Construction of the G7 Beijing-Xinjiang Expressway provides a good example of a domestic BRI infrastructure project. The project has been called by the central government a Belt and Road Initiative “Super project.”Footnote67 It runs 2,582 kilometers and connects Beijing to Ürümqi. Construction started in 2014 and the highway opened in 2017.Footnote68 This project arguably was an opportunity for the government to boost western economic development by inviting local enterprises and workers to take part. Instead, construction was spearheaded by three central state enterprises: China State Construction, China Railway, and China Communications Construction.

The continued predominance of state-owned enterprises in Xinjiang is supported by China’s current (fourteenth) five-year plan. It calls for state-owned enterprises to be a main source of investment in Xinjiang’s economic development, including Power China, which “will actively participate in the construction, transformation, and upgrading of major projects such as the Xinjiang railway, highway, and air transportation systems.”Footnote69 Considering transportation and general infrastructure building are key factors in Xinjiang’s development model under both the BRI and the state’s Five-Year Plans, SOEs will continue to dominate the BRI in Xinjiang.Footnote70

Party members must be atheistic; this discriminates against Uyghurs that practice Islam. Uyghurs within the Party are held to exacting standards and have been harshly criticized. Yusuf Aisha, a Uyghur and former Vice Chairman of the CPPCC of the Xinjiang Autonomous Region, has stated, “At present, among some Uyghur party members and cadres, there are problems such as lack of firm ideals and beliefs, weakened sense of purpose, and weak party consciousness … [Uyghur party members] play a special role in the reunification of the motherland, national unity and social stability.”Footnote71 Like all Party members, they must also demonstrate loyalty to the Party. This becomes complicated when their people are discriminated against by the government.

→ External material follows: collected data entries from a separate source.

(* Let $\mathcal C\subset\mathbb R^3$ be a non-planar real analytic curve with arc-length parameterization $\gamma:[0,L]\to\mathbb R^3$ and nowhere zero curvature, which has exactly one point $t_0\in[0,L]$ with zero torsion, of order $m\ge1$, i.e. $\tau(t_0)=\dots=\tau^{(m-1)}(t_0)=0$ and $\tau^{(m)}(t_0)\ne0$. For a unit vector $\xi\in S^2$ let $\phi_\xi(t)=\langle\xi,\gamma(t)\rangle$, and for a smooth amplitude $A\in C^\infty[0,L]$ and $\lambda>0$ let $$I(\lambda,\xi)=\int_0^L A(t)e^{i\lambda\phi_\xi(t)}\,dt.$$ Then $$I(\lambda,\xi)\ll_{\mathcal C}\frac{1}{\lambda^{1/(m+3)}}\left(\|A\|_\infty+\|A'\|_1\right),$$ with the implied constant depending only on $\mathcal C$ (uniform in $\xi$).
   Context: The curvature is $\kappa(t)=\|\gamma''(t)\|$; with $T=\gamma'$, $N=\gamma''/\kappa$ and $B=T\times N$, the torsion $\tau$ is defined by $B'(t)=-\tau(t)N(t)$. *)

From Stdlib Require Import Reals Lra.
From Coquelicot Require Import Coquelicot.
Open Scope R_scope.

Definition v3 : Type := (R * R * R)%type.
Definition vx (v : v3) : R := fst (fst v).
Definition vy (v : v3) : R := snd (fst v).
Definition vz (v : v3) : R := snd v.
Definition mkv3 (x y z : R) : v3 := (x, y, z).

Definition dot3 (u v : v3) : R := vx u * vx v + vy u * vy v + vz u * vz v.
Definition norm3 (u : v3) : R := sqrt (dot3 u u).
Definition scal3 (a : R) (u : v3) : v3 := mkv3 (a * vx u) (a * vy u) (a * vz u).
Definition cross3 (u v : v3) : v3 :=
  mkv3 (vy u * vz v - vz u * vy v)
       (vz u * vx v - vx u * vz v)
       (vx u * vy v - vy u * vx v).

Definition D3 (g : R -> v3) (t : R) : v3 :=
  mkv3 (Derive (fun s => vx (g s)) t)
       (Derive (fun s => vy (g s)) t)
       (Derive (fun s => vz (g s)) t).

Definition analytic_at (f : R -> R) (x : R) : Prop :=
  exists (a : nat -> R) (r : R), 0 < r /\
    forall y, Rabs (y - x) < r -> is_pseries a (y - x) (f y).

Definition curve_analytic_at (g : R -> v3) (x : R) : Prop :=
  analytic_at (fun s => vx (g s)) x /\
  analytic_at (fun s => vy (g s)) x /\
  analytic_at (fun s => vz (g s)) x.

(** Frenet frame of an arc-length parametrised curve (context):
    kappa = |gamma''|, T = gamma', N = gamma''/kappa, B = T x N,
    and the torsion tau is the coefficient in B' = - tau N, i.e.
    tau = - <B', N> (N is a unit vector). *)
Definition tangent (g : R -> v3) (t : R) : v3 := D3 g t.
Definition curvature (g : R -> v3) (t : R) : R := norm3 (D3 (D3 g) t).
Definition normal (g : R -> v3) (t : R) : v3 :=
  scal3 (/ curvature g t) (D3 (D3 g) t).
Definition binormal (g : R -> v3) (t : R) : v3 :=
  cross3 (tangent g t) (normal g t).
Definition torsion (g : R -> v3) (t : R) : R :=
  - dot3 (D3 (binormal g) t) (normal g t).

Definition non_planar (g : R -> v3) (L : R) : Prop :=
  ~ (exists (n : v3) (c : R), n <> mkv3 0 0 0 /\
       forall t, 0 <= t <= L -> dot3 n (g t) = c).

Definition phase (g : R -> v3) (xi : v3) (t : R) : R := dot3 xi (g t).

(** |I(lambda, xi)| where
    I = int_0^L A(t) e^{i lambda phi_xi(t)} dt
      = int_0^L A cos(lambda phi) + i int_0^L A sin(lambda phi). *)
Definition osc_integral_abs (g : R -> v3) (L : R) (A : R -> R)
    (lam : R) (xi : v3) : R :=
  let re := RInt (fun t => A t * cos (lam * phase g xi t)) 0 L in
  let im := RInt (fun t => A t * sin (lam * phase g xi t)) 0 L in
  sqrt (re ^ 2 + im ^ 2).

Definition smooth (A : R -> R) : Prop :=
  forall (n : nat) (t : R), ex_derive (Derive_n A n) t.

Definition sup_norm (A : R -> R) (a b : R) : R :=
  real (Lub_Rbar (fun y => exists t, a <= t <= b /\ y = Rabs (A t))).

Definition L1_norm_deriv (A : R -> R) (a b : R) : R :=
  RInt (fun t => Rabs (Derive A t)) a b.

From Stdlib Require Import Reals Lra Lia.
From Coquelicot Require Import Coquelicot.
Open Scope R_scope.

(* For a unit vector [xi] the phase [phi = <xi, gamma>] has [phi^(k) = <xi, gamma^(k)>].
   The sum over [k <= m] of [det (gamma', gamma'', gamma^(k+3))^2] is positive on [[0, L]]:
   away from [t0] its first term is [(|gamma''|^2 tau)^2], and at [t0] the vanishing of all
   these determinants would make [tau] vanish to order [m]. By compactness, on each piece of
   a fixed partition of [[0, L]] some [|phi^(k)|], [1 <= k <= m + 3], stays above a constant
   independent of [xi], and van der Corput's lemma bounds the integral over the piece by
   [C lam^(-1/(m+3))]. Integration by parts brings in the amplitude, and the imaginary part
   is the real part for the phase shifted by [- pi / (2 lam)]. *)

Ltac neq0 := let Hc := fresh in intro Hc;
  repeat match type of Hc with
  | _ * _ = 0 => apply Rmult_integral in Hc; destruct Hc as [Hc|Hc]
  end; try lra.

Lemma ex_derive_continuous_R (f : R -> R) x : ex_derive f x -> continuous f x.
Proof. apply (@ex_derive_continuous R_AbsRing R_NormedModule). Qed.

Lemma continuous_mult_R (f g : R -> R) x :
  continuous f x -> continuous g x -> continuous (fun y => f y * g y) x.
Proof. intros; apply (@continuous_mult R_UniformSpace R_AbsRing f g x); auto. Qed.

Lemma continuous_plus_R (f g : R -> R) x :
  continuous f x -> continuous g x -> continuous (fun y => f y + g y) x.
Proof. intros; apply (@continuous_plus R_UniformSpace R_AbsRing R_NormedModule f g x); auto. Qed.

Like large and powerful local governments, large SOEs have more power to resist mandates by the CCP, but these SOEs ultimately end up less competitive internationally and less profitable.Footnote72 Given that SOEs are beneficiaries of BRI projects, members of minority groups that do not fall in line with Party standards are unlikely to benefit from employment or salaries that BRI projects may bring. They may even lose government positions during initiatives which are supposed to help them, as has been the case with Tibet.Footnote73

Social and Political Factors

Hu Chunhua and Tibet

The BRI was preceded by the Western Development Strategy, which targeted the Tibetan Autonomous region (TAR). One current leader of BRI implementation previously was posted in Tibet, Hu Chunhua, a member of the National Leading Group for Promoting the Construction of One Belt and One Road (guójiā tuījìn yīdài yīlù jiànshè gōngzuò lǐngdǎo xiǎozŭ), the coordinating body of the BRI within the State Council. Hu has worked in Hebei, Tibet, and Inner Mongolia over his career. In his first fourteen-year tenure in Tibet (1983-1997), he was secretary of the Communist Youth League Tibet Autonomous Region Committee and commissioner of Lizhi and Shannan districts. He returned to Tibet for five years in 2001 as a member of the Standing Committee and Secretary-General of the CCP Tibet Autonomous Region Party Committee.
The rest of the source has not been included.